Records for the exercise
* * * *

Lemma state_norm_late : exists A, 0 <= A /\
  forall t, D / c4 + D / vb <= t -> state_norm D rho rho_x v v_x t <= A * exp (- k * t).
Proof.
  assert (HD0 : 0 <= D) by lra.
  assert (HDc4 : 0 <= D / c4) by (apply Rdiv_le_0_compat; lra).
  assert (HDvb : 0 <= D / vb) by (apply Rdiv_le_0_compat; lra).
  set (E := exp (k * (D / vb))).
  assert (Hshift : forall x t, in_space D x -> exp (- k * (t - x / vb)) <= exp (- k * t) * E).
  { intros x t Hx; red in Hx; unfold E; rewrite <- exp_plus; apply exp_le.
    assert (x / vb <= D / vb) by (apply Rmult_le_compat_r; [left; apply Rinv_0_lt_compat |]; lra).
    nra. }
  set (a := Rabs c5 * Rabs (v D 0)).
  assert (Ha : 0 <= a) by (apply Rmult_le_pos; apply Rabs_pos).
  assert (HE : 0 < E) by apply exp_pos.
  assert (Hkvb : 0 < k / vb) by (apply Rdiv_lt_0_compat; lra).
  exists (a * E + a * (k / vb) * E + Rabs (v D 0)); split.
  { pose proof (Rabs_pos (v D 0)); assert (0 <= a * (k / vb)) by nra; nra. }
  intros t Ht; unfold state_norm, C1_norm.
  assert (He : 0 < exp (- k * t)) by apply exp_pos.
  assert (Hsup : forall f M, (forall x, in_space D x -> Rabs (f x) <= M * exp (- k * t)) ->
    sup_norm D f <= M * exp (- k * t)) by (intros f M; apply (sup_norm_spec D f _ HD0)).
  assert (Hrho_t : sup_norm D (fun x => rho x t) <= a * E * exp (- k * t)).
  { apply Hsup; intros x Hx; rewrite rho_late by assumption.
    rewrite !Rabs_mult, Rabs_Ropp, (Rabs_pos_eq (exp _)) by (left; apply exp_pos); fold a.
    pose proof (Hshift x t Hx); nra. }
  assert (Hrho_x_t : sup_norm D (fun x => rho_x x t) <= a * (k / vb) * E * exp (- k * t)).
  { apply Hsup; intros x Hx; rewrite rho_x_late by assumption.
    rewrite !Rabs_mult, Rabs_Ropp, (Rabs_pos_eq (exp _)), (Rabs_pos_eq (k / vb))
      by (try left; try apply exp_pos; lra); fold a.
    pose proof (Hshift x t Hx); assert (0 <= a * (k / vb)) by nra; nra. }
  assert (Hv_t : sup_norm D (fun x => v x t) <= Rabs (v D 0) * exp (- k * t)).
  { apply Hsup; intros x Hx; rewrite v_late by (auto; lra).
    rewrite Rabs_mult, (Rabs_pos_eq (exp _)) by (left; apply exp_pos); lra. }
  assert (Hv_x_t : sup_norm D (fun x => v_x x t) <= 0 * exp (- k * t)).
  { apply Hsup; intros x Hx; rewrite v_x_late by (auto; lra); rewrite Rabs_R0; lra. }
  lra.
Qed.

Theorem closed_loop_exp_decay : exists mu, 0 < mu /\ forall t, 0 <= t ->
  state_norm D rho rho_x v v_x t <= mu * state_norm D rho rho_x v v_x 0 * exp (- (k / 2) * t).
Proof.
  assert (HT : 0 <= D / c4 + D / vb)
    by (assert (0 <= D / c4) by (apply Rdiv_le_0_compat; lra);
        assert (0 <= D / vb) by (apply Rdiv_le_0_compat; lra); lra).
  destruct state_norm_late as [A [HA Hlate]].
  destruct (state_norm_bounded (D / c4 + D / vb) HT) as [B Hearly].
  apply (exp_decay_of_eventual_decay _ k (D / c4 + D / vb) A B); auto.
  - apply state_norm_nonneg; lra.
  - apply state_norm_zero.
Qed.

End ClosedLoop.

Lemma h_mix_pos alpha tau_acc tau_m h_m hbar_acc : 0 < alpha <= 1 -> 0 < tau_acc ->
  0 < tau_m -> 0 < h_m -> 0 < hbar_acc -> 0 < h_mix alpha tau_acc tau_m h_m hbar_acc.
Proof.
  intros Ha Hacc Hm Hhm Hhacc; unfold h_mix.
  assert (0 <= (1 - alpha) * (tau_acc / tau_m))
    by (apply Rmult_le_pos; [lra | apply Rdiv_le_0_compat; lra]).
  assert (0 <= (1 - alpha) * (tau_acc / tau_m) * (hbar_acc / h_m))
    by (apply Rmult_le_pos; [lra | apply Rdiv_le_0_compat; lra]).
  apply Rmult_lt_0_compat; [apply Rdiv_lt_0_compat |]; lra.
Qed.

Lemma vbar_pos L q hmix : 0 < L -> 0 < q -> q * hmix < 1 -> 0 < vbar L q hmix.
Proof.
  intros HL Hq Hqh; unfold vbar; apply Rdiv_lt_0_compat; [exact HL |].
  replace (/ q - hmix) with ((1 - q * hmix) / q) by (field; lra).
  apply Rdiv_lt_0_compat; lra.
Qed.

Lemma rhobar_inv_sub L q hmix : 0 < L -> 0 < q -> q * hmix < 1 ->
  / rhobar L q hmix - L = hmix * vbar L q hmix.
Proof.
  intros HL Hq Hqh; pose proof (vbar_pos L q hmix HL Hq Hqh) as Hvb.
  assert (Hden : / q - hmix <> 0)
    by (replace (/ q - hmix) with ((1 - q * hmix) / q) by (field; lra);
        apply Rgt_not_eq, Rdiv_lt_0_compat; lra).
  unfold rhobar; unfold vbar in *; field; repeat split; lra || auto.
Qed.

Lemma cst3_pos alpha tau_acc hbar_acc rb L : 0 < alpha -> 0 < tau_acc -> 0 < hbar_acc ->
  L < / rb -> 0 < cst3 alpha tau_acc hbar_acc rb L.
Proof.
  intros Ha Hacc Hh HL; unfold cst3.
  apply Rmult_lt_0_compat; [apply Rdiv_lt_0_compat; [| apply Rmult_lt_0_compat] | ]; nra.
Qed.

Lemma control_law_closes_loop K1 K2 K3 k r w h : K3 <> 0 ->
  h = / K3 * (- K1 * r + (k - K2) * w) -> - K1 * r - K2 * w - K3 * h = - k * w.
Proof. intros HK3 ->; field; exact HK3. Qed.

Theorem theorem1
  (L D alpha tau_acc tau_m h_m hbar_acc k q_in : R)
  (HL : 0 < L) (HD : 0 < D) (Halpha : 0 < alpha <= 1)
  (Htacc : 0 < tau_acc) (Htm : 0 < tau_m) (Hhm : 0 < h_m)
  (Hhacc : 0 < hbar_acc) (Hk : 0 < k)
  (Hq : 0 < q_in)
  (Hqh : q_in * h_mix alpha tau_acc tau_m h_m hbar_acc < 1)
  (rho v h_acc rho_x rho_t v_x v_t : R -> R -> R) :
  let tmix := tau_mix alpha tau_acc tau_m in
  let hmix := h_mix alpha tau_acc tau_m h_m hbar_acc in
  let vb := vbar L q_in hmix in
  let rb := rhobar L q_in hmix in
  let K1 := cst1 rb tmix hmix in
  let K2 := cst2 tmix in
  let K3 := cst3 alpha tau_acc hbar_acc rb L in
  let K4 := cst4 L hmix in
  let K5 := cst5 rb vb in
  (* classical C^1 solution on [0,D] x [0,+oo) *)
  C1_Omega D rho rho_x rho_t ->
  C1_Omega D v v_x v_t ->
  (* control law *)
  (forall x t, in_Omega D x t ->
     h_acc x t = / K3 * (- K1 * rho x t + (k - K2) * v x t)) ->
  (* PDEs *)
  (forall x t, in_Omega D x t ->
     rho_t x t + vb * rho_x x t + rb * v_x x t = 0) ->
  (forall x t, in_Omega D x t ->
     v_t x t - K4 * v_x x t = - K1 * rho x t - K2 * v x t - K3 * h_acc x t) ->
  (* boundary conditions *)
  (forall t, in_time t -> rho 0 t + K5 * v 0 t = 0) ->
  (forall t, in_time t ->
     v_t D t = - K1 * rho D t - K2 * v D t - K3 * h_acc D t) ->
  (* first-order compatibility of the initial data *)
  rho 0 0 + K5 * v 0 0 = 0 ->
  - vb * rho_x 0 0 - rb * v_x 0 0 + K5 * (K4 * v_x 0 0 - k * v 0 0) = 0 ->
  v_x D 0 = 0 ->
  exists mu, 0 < mu /\
    forall t, 0 <= t ->
      C1_norm D (fun x => rho x t) (fun x => rho_x x t)
      + C1_norm D (fun x => v x t) (fun x => v_x x t)
      <= mu * (C1_norm D (fun x => rho x 0) (fun x => rho_x x 0)
               + C1_norm D (fun x => v x 0) (fun x => v_x x 0))
         * exp (- (k / 2) * t).
Proof.
  intros tmix hmix vb rb K1 K2 K3 K4 K5 Hrho Hv Hctrl Hrho_pde Hv_pde Hrho_bc Hv_bc _ _ _.
  assert (Hhmix : 0 < hmix) by (apply h_mix_pos; assumption).
  assert (Hvb : 0 < vb) by (apply vbar_pos; assumption).
  assert (HK3 : 0 < K3).
  { apply cst3_pos; try lra.
    assert (Hgap : / rb - L = hmix * vb) by (apply rhobar_inv_sub; assumption); nra. }
  assert (HK4 : 0 < K4) by (apply Rdiv_lt_0_compat; assumption).
  apply (closed_loop_exp_decay D k vb rb K4 K5 rho rho_x rho_t v v_x v_t); auto.
  - intros x t Hxt; rewrite Hv_pde by exact Hxt.
    apply control_law_closes_loop; [lra | apply Hctrl, Hxt].
  - intros t Ht; rewrite Hv_bc by exact Ht.
    apply control_law_closes_loop; [lra | apply Hctrl; split; [red; lra | exact Ht]].
Qed.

* * * *

Set down, word for word, the line that contains "assert (HK3 : 0 < K3)." and all lines after it up to the end of the listing.

  assert (HK3 : 0 < K3).
  { apply cst3_pos; try lra.
    assert (Hgap : / rb - L = hmix * vb) by (apply rhobar_inv_sub; assumption); nra. }
  assert (HK4 : 0 < K4) by (apply Rdiv_lt_0_compat; assumption).
  apply (closed_loop_exp_decay D k vb rb K4 K5 rho rho_x rho_t v v_x v_t); auto.
  - intros x t Hxt; rewrite Hv_pde by exact Hxt.
    apply control_law_closes_loop; [lra | apply Hctrl, Hxt].
  - intros t Ht; rewrite Hv_bc by exact Ht.
    apply control_law_closes_loop; [lra | apply Hctrl; split; [red; lra | exact Ht]].
Qed.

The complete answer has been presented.